Just to slightly correct TheTallOne, MORSE students can entirely avoid maths modules after first year! And many do. My last maths module was Analysis III in second year, which was an option. However you can choose to do more maths, if you look at the course regs linked in the previous post you can work out how many maths modules you can take. In the 3rd year of the MORSE course you can take plenty of maths, in the previous years you will be limited because of the core stats, OR and econ modules. There are a few common modules with straight maths in first year, and also some watered down versions of maths modules (for example Maths Methods a second year stats modules is a basis introduction to metric spaces and more complicated calculus, for stats students). If you ask a maths student, they will say MORSE is "softer", but a MORSE student will probably tell you that their modules are more useful outside the academic world.

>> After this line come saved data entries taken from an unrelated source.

Lemma periodic_mulz f : periodic r f -> forall x k, f (x + k * r%:Z) = f x + k * r%:Z.
Proof. exact: shift_mulz. Qed.

Lemma periodic_comp f g : periodic r f -> periodic r g -> periodic r (f \o g).
Proof. by move=> fP gP x /=; rewrite gP fP. Qed.

Lemma periodic_can f g : periodic r f -> cancel f g -> cancel g f -> periodic r g.
Proof. by move=> fP fK gK y; rewrite -{1}(gK y) -fP fK. Qed.

Lemma periodic_eqz_mod f g x y : periodic r f -> cancel f g -> cancel g f ->
  (f x == y %[mod r%:Z])%Z = (x == g y %[mod r%:Z])%Z.
Proof.
move=> fP fK gK; have gP := periodic_can fP fK gK.
rewrite !eqz_mod_dvd; apply/dvdzP/dvdzP => -[k e]; exists k.
  have -> : x = g (y + k * r%:Z) by rewrite -(fK x); congr g; lia.
  by rewrite periodic_mulz //; ring.
have -> : x = g y + k * r%:Z by lia.
by rewrite periodic_mulz // gK; ring.
Qed.

End Periodic.

Lemma affine_perm_comp r f g : affine_perm r f -> affine_perm r g -> affine_perm r (f \o g).
Proof. by move=> [fb fP] [gb gP]; split; [exact: bij_comp | exact: periodic_comp]. Qed.

Lemma sgenE r a x : s_gen r a x =
  if (x - 1 == a%:Z %[mod r%:Z])%Z then x - 1
  else if (x == a%:Z %[mod r%:Z])%Z then x + 1 else x.
Proof. by rewrite /s_gen !eqz_mod_dvd -!(sameP eqP dvdz_mod0P) addrAC. Qed.

Lemma sgen_periodic r a : periodic r (s_gen r a).
Proof.
move=> x; rewrite !sgenE addrAC !modzDr.
by case: ifP => _; [|case: ifP => _]; ring.
Qed.

Lemma sgen1 a x : s_gen 1 a x = x - 1.
Proof. by rewrite sgenE !modz1. Qed.

Lemma sgen_shift r a c : (0 < r)%N ->
  exists2 b : nat, (1 <= b <= r)%N & forall y, s_gen r a (y + c) = s_gen r b y + c.
Proof.
move=> r_gt0; have [k [b [acE bP]]] := residue_decomp (a%:Z - c) r_gt0.
exists b => // y; rewrite !sgenE.
have cE z : (z + c == a%:Z %[mod r%:Z])%Z = (z == b%:Z %[mod r%:Z])%Z.
  by rewrite -(eqz_modDr (- c)) addrK acE (addrC b%:Z) modzMDl.
rewrite addrAC !cE.
by case: ifP => _; [|case: ifP => _]; ring.
Qed.

Section Generator.
Variables (r a : nat).
Hypothesis r_ge2 : (2 <= r)%N.

Lemma eqz_mod_succF x : (x == a%:Z %[mod r%:Z])%Z -> (x + 1 == a%:Z %[mod r%:Z])%Z = false.
Proof.
move=> /eqP xa; apply/negbTE; rewrite -xa -{2}[x]addr0 eqz_modDl.
by rewrite !modz_small //; lia.
Qed.

Lemma sgen_up x : (x == a%:Z %[mod r%:Z])%Z -> s_gen r a x = x + 1.
Proof.
move=> xa; rewrite sgenE xa; case: ifP => // x1a.
by move: (eqz_mod_succF x1a); rewrite subrK xa.
Qed.

Lemma sgen_down x : (x - 1 == a%:Z %[mod r%:Z])%Z -> s_gen r a x = x - 1.
Proof. by move=> x1a; rewrite sgenE x1a. Qed.

Lemma sgen_fix x : ~~ (x - 1 == a%:Z %[mod r%:Z])%Z -> ~~ (x == a%:Z %[mod r%:Z])%Z ->
  s_gen r a x = x.
Proof. by move=> /negbTE x1a /negbTE xa; rewrite sgenE x1a xa. Qed.

Lemma sgen_involutive : involutive (s_gen r a).
Proof.
move=> x; case: (boolP (x == a%:Z %[mod r%:Z])%Z) => xa.
  by rewrite (sgen_up xa) sgen_down ?addrK.
case: (boolP (x - 1 == a%:Z %[mod r%:Z])%Z) => x1a.
  by rewrite (sgen_down x1a) sgen_up ?subrK.
by rewrite !sgen_fix.
Qed.

Lemma sgen_ltE u v : (s_gen r a v < s_gen r a u) =
  if (v == a%:Z %[mod r%:Z])%Z && (u == v + 1) then false
  else if (u == a%:Z %[mod r%:Z])%Z && (v == u + 1) then true else v < u.
Proof.
have near x : x - 1 <= s_gen r a x <= x + 1.
  by rewrite sgenE; case: ifP => _; [|case: ifP => _]; lia.
have not_up x : ~~ (x == a%:Z %[mod r%:Z])%Z -> s_gen r a x <= x.
  by move=> /negbTE xa; rewrite sgenE xa; case: ifP => _; lia.
have not_down x : ~~ (x - 1 == a%:Z %[mod r%:Z])%Z -> x <= s_gen r a x.
  by move=> /negbTE x1a; rewrite sgenE x1a; case: ifP => _; lia.
have swap x : (x == a%:Z %[mod r%:Z])%Z -> s_gen r a (x + 1) < s_gen r a x.
  by move=> xa; rewrite (sgen_up xa) (@sgen_down (x + 1)) ?addrK //; lia.
have keep x : ~~ (x == a%:Z %[mod r%:Z])%Z -> s_gen r a x < s_gen r a (x + 1).
  move=> xa; have := not_up _ xa; have := not_down (x + 1); rewrite addrK xa; lia.
case: (ltgtP u v) => [lt_uv|lt_vu|->].
- have -> : (u == v + 1) = false by lia.
  rewrite andbF /=; have [->|ne] := eqVneq v (u + 1); last first.
    by rewrite andbF; have := near u; have := near v; lia.
  rewrite andbT; case: (boolP (u == _ %[mod _])%Z) => ua; first exact: swap.
  by apply/negbTE; rewrite -leNgt; apply/ltW/keep.
- have -> : (v == u + 1) = false by lia.
  rewrite andbF /=; have [->|ne] := eqVneq u (v + 1).
    rewrite andbT; case: (boolP (v == _ %[mod _])%Z) => va; last exact: keep.
    by apply/negbTE; rewrite -leNgt; apply/ltW/swap.
  rewrite andbF; have [->|ne2] := eqVneq u (v + 2); last first.
    by have := near u; have := near v; lia.
  case: (boolP (v == a%:Z %[mod r%:Z])%Z) => va; last first.
    by have := not_up _ va; have := near (v + 2); lia.
  have := not_down (v + 2); have -> : v + 2 - 1 = v + 1 by ring.
  by rewrite eqz_mod_succF // => /(_ isT); have := near v; lia.
- by rewrite ltxx (_ : (v == v + 1) = false) ?andbF //; lia.
Qed.

End Generator.

Lemma sgen_bij r a : (0 < r)%N -> bijective (s_gen r a).
Proof.
move=> r_gt0; have [r_ge2|] := leqP 2 r; first exact/inv_bij/sgen_involutive.
rewrite ltnS => r_le1; have -> : r = 1%N by apply/eqP; rewrite eqn_leq r_le1.
by exists (fun x => x + 1) => x; rewrite sgen1 ?subrK ?addrK.
Qed.

(** * Inversions *)

Definition inversion (r : nat) (f : int -> int) (p : int * int) : bool :=
  [&& 1 <= p.1 <= r%:Z, p.1 < p.2 & f p.2 < f p.1].

Definition window (r B : nat) : seq (int * int) :=
  [seq (s%:Z, s%:Z + j%:Z) | s <- iota 1 r, j <- iota 1 B].

(* An inversion (s, t) has t - s <= 2 * displacement r f, so the window of
   that width used by [ninv] contains all of them. *)
Definition displacement (r : nat) (f : int -> int) : nat :=
  \max_(s < r) `|f s.+1%:Z - s.+1%:Z|%N.

Definition inversions (r : nat) (f : int -> int) (B : nat) : seq (int * int) :=
  [seq p <- window r B | f p.2 < f p.1].

Definition ninv (r : nat) (f : int -> int) : nat :=
  size (inversions r f (2 * displacement r f)).

Section Inversions.
Variable r : nat.
Hypothesis r_gt0 : (0 < r)%N.

Lemma mem_window B p : (p \in window r B) = (1 <= p.1 <= r%:Z) && (p.1 < p.2 <= p.1 + B%:Z).
Proof.
apply/allpairsP/idP => [[[s j] /= [+ + ->]]|].
  by rewrite !mem_iota /=; lia.
case: p => x y /= xyP; exists (`|x|%N, `|y - x|%N) => /=.
by rewrite !mem_iota; split; [lia | lia | congr pair; lia].
Qed.

Lemma uniq_inversions f B : uniq (inversions r f B).
Proof.
apply/filter_uniq/allpairs_uniq; try exact: iota_uniq.
by move=> [s j] [s' j'] _ _ /= [-> ?]; congr pair; lia.
Qed.

Lemma displacement_bound f x : periodic r f -> (`|f x - x|%N <= displacement r f)%N.
Proof.
move=> fP; have [k [s [-> sP]]] := residue_decomp x r_gt0; rewrite periodic_mulz //.
have -> : f s%:Z + k * r%:Z - (s%:Z + k * r%:Z) = f s%:Z - s%:Z by ring.
have s_lt : (s.-1 < r)%N by lia.
have := @leq_bigmax _ (fun i : 'I_r => `|f i.+1%:Z - i.+1%:Z|%N) (Ordinal s_lt).
by rewrite /= prednK //; case/andP: sP.
Qed.

Lemma mem_inversions f B p : periodic r f -> (2 * displacement r f <= B)%N ->
  (p \in inversions r f B) = inversion r f p.
Proof.
move=> fP fB; case: p => s t; rewrite mem_filter mem_window /inversion /=.
have := displacement_bound s fP; have := displacement_bound t fP.
by case: (boolP (f t < f s)) => ?; rewrite ?andbF ?andbT //= => *; apply/idP/idP; lia.
Qed.

Lemma has_card_inversion f : periodic r f -> has_card (inversion r f) (ninv r f).
Proof.
move=> fP; exists (inversions r f (2 * displacement r f)).
by split; [exact: uniq_inversions | split=> // p; rewrite mem_inversions].
Qed.

Lemma ninv_sub f g : periodic r f -> periodic r g ->
  (forall p, inversion r f p -> inversion r g p) -> (ninv r f <= ninv r g)%N.
Proof.
move=> fP gP fg; apply: uniq_leq_size; first exact: uniq_inversions.
by move=> p; rewrite !mem_inversions //; apply: fg.
Qed.

Lemma eq_ninv f g : periodic r f -> periodic r g ->
  (forall x y, (f x < f y) = (g x < g y)) -> ninv r f = ninv r g.
Proof.
move=> fP gP fg; apply/eqP; rewrite eqn_leq.
by apply/andP; split; apply: ninv_sub => // p; rewrite /inversion fg.
Qed.

Lemma ninv_eq0 f : periodic r f -> injective f ->
  ninv r f = 0%N <-> {homo f : x y / x < y}.
Proof.
move=> fP f_inj; split => [f0 x y lt_xy|f_incr].
  have [k [s [xE sP]]] := residue_decomp x r_gt0.
  rewrite xE -(subrK (k * r%:Z) y) !periodic_mulz // ltrD2r.
  case: ltgtP => // [fts|/f_inj ts]; last by lia.
  have : inversion r f (s%:Z, y - k * r%:Z) by rewrite /inversion /= fts andbT; lia.
  by rewrite -(@mem_inversions _ (2 * displacement r f)) // (size0nil f0).
rewrite /ninv /inversions (@eq_in_filter _ _ pred0) ?filter_pred0 //.
case=> s t; rewrite mem_window /= => /andP [_ /andP [lt_st _]].
by apply/negbTE; rewrite -leNgt ltW // f_incr.
Qed.

End Inversions.

(** * Length equals number of inversions *)

Section GeneratorInversions.
Variables (r a : nat) (w g : int -> int).
Hypotheses (r_ge2 : (2 <= r)%N) (wP : periodic r w) (wK : cancel w g) (gK : cancel g w).
Local Notation gap := (g (a%:Z + 1) - g a%:Z).

Let r_gt0 : (0 < r)%N. Proof. exact: ltnW. Qed.
Let gP : periodic r g. Proof. exact: periodic_can wK gK. Qed.

Lemma swapped_pairE s t :
  (w s == a%:Z %[mod r%:Z])%Z && (w t == w s + 1) =
  (s == g a%:Z %[mod r%:Z])%Z && (t == s + gap).
Proof.
rewrite (periodic_eqz_mod _ _ wP wK gK); case: (boolP (s == _ %[mod _])%Z) => //=.
rewrite eqz_mod_dvd => /dvdzP [k sk]; have -> : s = g a%:Z + k * r%:Z by lia.
rewrite (periodic_mulz wP) gK (can2_eq wK gK).
have -> : a%:Z + k * r%:Z + 1 = a%:Z + 1 + k * r%:Z by ring.
by rewrite (periodic_mulz gP); congr (t == _); ring.
Qed.

Hypothesis lt_ga : g a%:Z < g (a%:Z + 1).

(* s_a exchanges a + k r and a + 1 + k r and preserves the order of all other
   pairs of values, so composing with it creates exactly one inversion. *)
Lemma inversion_sgen_comp s0 k s t : g a%:Z = s0 + k * r%:Z -> 1 <= s0 <= r%:Z ->
  inversion r (s_gen r a \o w) (s, t) = ((s, t) == (s0, s0 + gap)) || inversion r w (s, t).
Proof.
move=> ga s0P.
have swapped_lt u v : (u == g a%:Z %[mod r%:Z])%Z && (v == u + gap) -> u < v.
  by case/andP => _ /eqP ->; lia.
have pairE : ((s, t) == (s0, s0 + gap)) =
    (1 <= s <= r%:Z) && ((s == g a%:Z %[mod r%:Z])%Z && (t == s + gap)).
  rewrite xpair_eqE; case: (boolP (1 <= s <= r%:Z)) => sP /=.
    have -> : (s == g a%:Z %[mod r%:Z])%Z = (s == s0).
      by rewrite ga (addrC s0) modzMDl eqz_mod_window.
    by case: eqP => // ->.
  by apply/negbTE; apply: contra sP => /andP [/eqP -> _].
rewrite pairE /inversion /= sgen_ltE // !swapped_pairE.
case: (boolP (_ && (s == t + gap))) => [/swapped_lt lt_ts|_].
  have ge_ts : ~~ (s < t) by rewrite -leNgt ltW.
  by rewrite (negbTE ge_ts) (contraNF (@swapped_lt s t) ge_ts) !andbF.
case: (boolP (_ && (t == s + gap))) => [sw_st|_]; last by rewrite andbF.
move: (sw_st); rewrite -swapped_pairE => /andP [_ /eqP ->].
by rewrite swapped_lt // (ltNge (w s + 1)) lerDl ler01 !andbF !andbT orbF.
Qed.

I don't think I can particularly compare how maths and MORSE are regarded by employers, but if you are interested in going into IB, actuarial work, economics, consultancy etc. MORSE is very well positioned for any of those careers.
It's good to find someone in the late stages of a MMORSE on TSR!
Is MMORSE a very competitive course? All the rumours have it that its a 2:1 applicantlace ratio, but for such an amazing looking course, it seems hard to believe when similar courses round the country reach 20:1!
Whats the average AS Level grades people have etc etc.. Do I have a good chance of gaining an offer? (sig)
Thanks in advance!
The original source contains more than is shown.